- **PROBLEM TO SOLVE**
Each entry that follows should be written again verbatim.

- **PROVIDED MATERIAL**
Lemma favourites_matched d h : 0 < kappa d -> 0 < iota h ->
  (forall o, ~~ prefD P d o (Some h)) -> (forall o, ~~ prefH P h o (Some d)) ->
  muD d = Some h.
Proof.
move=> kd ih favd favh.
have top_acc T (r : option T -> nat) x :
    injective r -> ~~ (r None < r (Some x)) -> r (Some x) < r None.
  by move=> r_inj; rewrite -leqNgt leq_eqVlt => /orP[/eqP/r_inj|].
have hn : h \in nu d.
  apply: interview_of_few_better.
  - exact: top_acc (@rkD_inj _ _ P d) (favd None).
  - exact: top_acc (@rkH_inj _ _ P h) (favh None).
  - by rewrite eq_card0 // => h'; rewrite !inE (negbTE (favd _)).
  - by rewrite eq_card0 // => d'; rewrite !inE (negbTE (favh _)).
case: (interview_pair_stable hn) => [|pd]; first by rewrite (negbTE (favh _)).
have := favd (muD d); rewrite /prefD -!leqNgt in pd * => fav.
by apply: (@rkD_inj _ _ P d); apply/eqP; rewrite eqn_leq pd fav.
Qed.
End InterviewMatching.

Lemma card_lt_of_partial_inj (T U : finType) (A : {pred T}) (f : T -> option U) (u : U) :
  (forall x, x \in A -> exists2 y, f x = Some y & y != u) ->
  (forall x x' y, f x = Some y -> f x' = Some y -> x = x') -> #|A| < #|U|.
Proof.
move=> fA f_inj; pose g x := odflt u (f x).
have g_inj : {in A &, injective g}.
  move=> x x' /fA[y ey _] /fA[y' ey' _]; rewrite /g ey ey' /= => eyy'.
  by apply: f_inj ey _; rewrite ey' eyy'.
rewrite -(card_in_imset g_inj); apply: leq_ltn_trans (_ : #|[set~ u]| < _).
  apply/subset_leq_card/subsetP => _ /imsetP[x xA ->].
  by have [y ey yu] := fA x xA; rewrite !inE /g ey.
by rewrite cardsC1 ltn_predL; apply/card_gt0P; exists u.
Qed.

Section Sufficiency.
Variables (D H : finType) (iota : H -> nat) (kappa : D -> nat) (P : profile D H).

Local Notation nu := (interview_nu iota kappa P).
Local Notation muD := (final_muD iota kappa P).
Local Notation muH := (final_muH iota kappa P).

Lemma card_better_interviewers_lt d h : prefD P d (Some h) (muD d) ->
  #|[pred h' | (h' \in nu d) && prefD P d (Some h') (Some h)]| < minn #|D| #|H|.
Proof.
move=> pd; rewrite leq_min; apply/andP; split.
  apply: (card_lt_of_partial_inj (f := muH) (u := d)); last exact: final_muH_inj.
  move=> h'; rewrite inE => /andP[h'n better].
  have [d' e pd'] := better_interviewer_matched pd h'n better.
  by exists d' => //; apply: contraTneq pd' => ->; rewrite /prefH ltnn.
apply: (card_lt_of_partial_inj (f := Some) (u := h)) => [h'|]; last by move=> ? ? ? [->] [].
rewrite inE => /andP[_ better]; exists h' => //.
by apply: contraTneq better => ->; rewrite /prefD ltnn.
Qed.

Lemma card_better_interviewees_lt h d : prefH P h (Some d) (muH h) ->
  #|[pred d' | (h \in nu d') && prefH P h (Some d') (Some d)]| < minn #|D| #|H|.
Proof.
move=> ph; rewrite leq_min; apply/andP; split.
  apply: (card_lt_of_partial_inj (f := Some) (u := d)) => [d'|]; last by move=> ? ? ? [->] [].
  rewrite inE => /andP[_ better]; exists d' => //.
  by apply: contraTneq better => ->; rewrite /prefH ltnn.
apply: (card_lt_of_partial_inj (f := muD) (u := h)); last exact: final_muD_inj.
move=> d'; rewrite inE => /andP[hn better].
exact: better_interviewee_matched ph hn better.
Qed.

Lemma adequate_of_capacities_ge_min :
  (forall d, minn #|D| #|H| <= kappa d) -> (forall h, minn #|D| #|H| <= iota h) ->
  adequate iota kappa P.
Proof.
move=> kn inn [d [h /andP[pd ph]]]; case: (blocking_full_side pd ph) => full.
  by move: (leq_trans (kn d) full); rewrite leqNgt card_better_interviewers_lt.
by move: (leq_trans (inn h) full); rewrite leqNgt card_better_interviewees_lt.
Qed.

- **SOLUTION TO THIS EXERCISE**
Lemma favourites_matched d h : 0 < kappa d -> 0 < iota h ->
  (forall o, ~~ prefD P d o (Some h)) -> (forall o, ~~ prefH P h o (Some d)) ->
  muD d = Some h.
Proof.
move=> kd ih favd favh.
have top_acc T (r : option T -> nat) x :
    injective r -> ~~ (r None < r (Some x)) -> r (Some x) < r None.
  by move=> r_inj; rewrite -leqNgt leq_eqVlt => /orP[/eqP/r_inj|].
have hn : h \in nu d.
  apply: interview_of_few_better.
  - exact: top_acc (@rkD_inj _ _ P d) (favd None).
  - exact: top_acc (@rkH_inj _ _ P h) (favh None).
  - by rewrite eq_card0 // => h'; rewrite !inE (negbTE (favd _)).
  - by rewrite eq_card0 // => d'; rewrite !inE (negbTE (favh _)).
case: (interview_pair_stable hn) => [|pd]; first by rewrite (negbTE (favh _)).
have := favd (muD d); rewrite /prefD -!leqNgt in pd * => fav.
by apply: (@rkD_inj _ _ P d); apply/eqP; rewrite eqn_leq pd fav.
Qed.
End InterviewMatching.

Lemma card_lt_of_partial_inj (T U : finType) (A : {pred T}) (f : T -> option U) (u : U) :
  (forall x, x \in A -> exists2 y, f x = Some y & y != u) ->
  (forall x x' y, f x = Some y -> f x' = Some y -> x = x') -> #|A| < #|U|.
Proof.
move=> fA f_inj; pose g x := odflt u (f x).
have g_inj : {in A &, injective g}.
  move=> x x' /fA[y ey _] /fA[y' ey' _]; rewrite /g ey ey' /= => eyy'.
  by apply: f_inj ey _; rewrite ey' eyy'.
rewrite -(card_in_imset g_inj); apply: leq_ltn_trans (_ : #|[set~ u]| < _).
  apply/subset_leq_card/subsetP => _ /imsetP[x xA ->].
  by have [y ey yu] := fA x xA; rewrite !inE /g ey.
by rewrite cardsC1 ltn_predL; apply/card_gt0P; exists u.
Qed.

Section Sufficiency.
Variables (D H : finType) (iota : H -> nat) (kappa : D -> nat) (P : profile D H).

Local Notation nu := (interview_nu iota kappa P).
Local Notation muD := (final_muD iota kappa P).
Local Notation muH := (final_muH iota kappa P).

Lemma card_better_interviewers_lt d h : prefD P d (Some h) (muD d) ->
  #|[pred h' | (h' \in nu d) && prefD P d (Some h') (Some h)]| < minn #|D| #|H|.
Proof.
move=> pd; rewrite leq_min; apply/andP; split.
  apply: (card_lt_of_partial_inj (f := muH) (u := d)); last exact: final_muH_inj.
  move=> h'; rewrite inE => /andP[h'n better].
  have [d' e pd'] := better_interviewer_matched pd h'n better.
  by exists d' => //; apply: contraTneq pd' => ->; rewrite /prefH ltnn.
apply: (card_lt_of_partial_inj (f := Some) (u := h)) => [h'|]; last by move=> ? ? ? [->] [].
rewrite inE => /andP[_ better]; exists h' => //.
by apply: contraTneq better => ->; rewrite /prefD ltnn.
Qed.

Lemma card_better_interviewees_lt h d : prefH P h (Some d) (muH h) ->
  #|[pred d' | (h \in nu d') && prefH P h (Some d') (Some d)]| < minn #|D| #|H|.
Proof.
move=> ph; rewrite leq_min; apply/andP; split.
  apply: (card_lt_of_partial_inj (f := Some) (u := d)) => [d'|]; last by move=> ? ? ? [->] [].
  rewrite inE => /andP[_ better]; exists d' => //.
  by apply: contraTneq better => ->; rewrite /prefH ltnn.
apply: (card_lt_of_partial_inj (f := muD) (u := h)); last exact: final_muD_inj.
move=> d'; rewrite inE => /andP[hn better].
exact: better_interviewee_matched ph hn better.
Qed.

Lemma adequate_of_capacities_ge_min :
  (forall d, minn #|D| #|H| <= kappa d) -> (forall h, minn #|D| #|H| <= iota h) ->
  adequate iota kappa P.
Proof.
move=> kn inn [d [h /andP[pd ph]]]; case: (blocking_full_side pd ph) => full.
  by move: (leq_trans (kn d) full); rewrite leqNgt card_better_interviewers_lt.
by move: (leq_trans (inn h) full); rewrite leqNgt card_better_interviewees_lt.
Qed.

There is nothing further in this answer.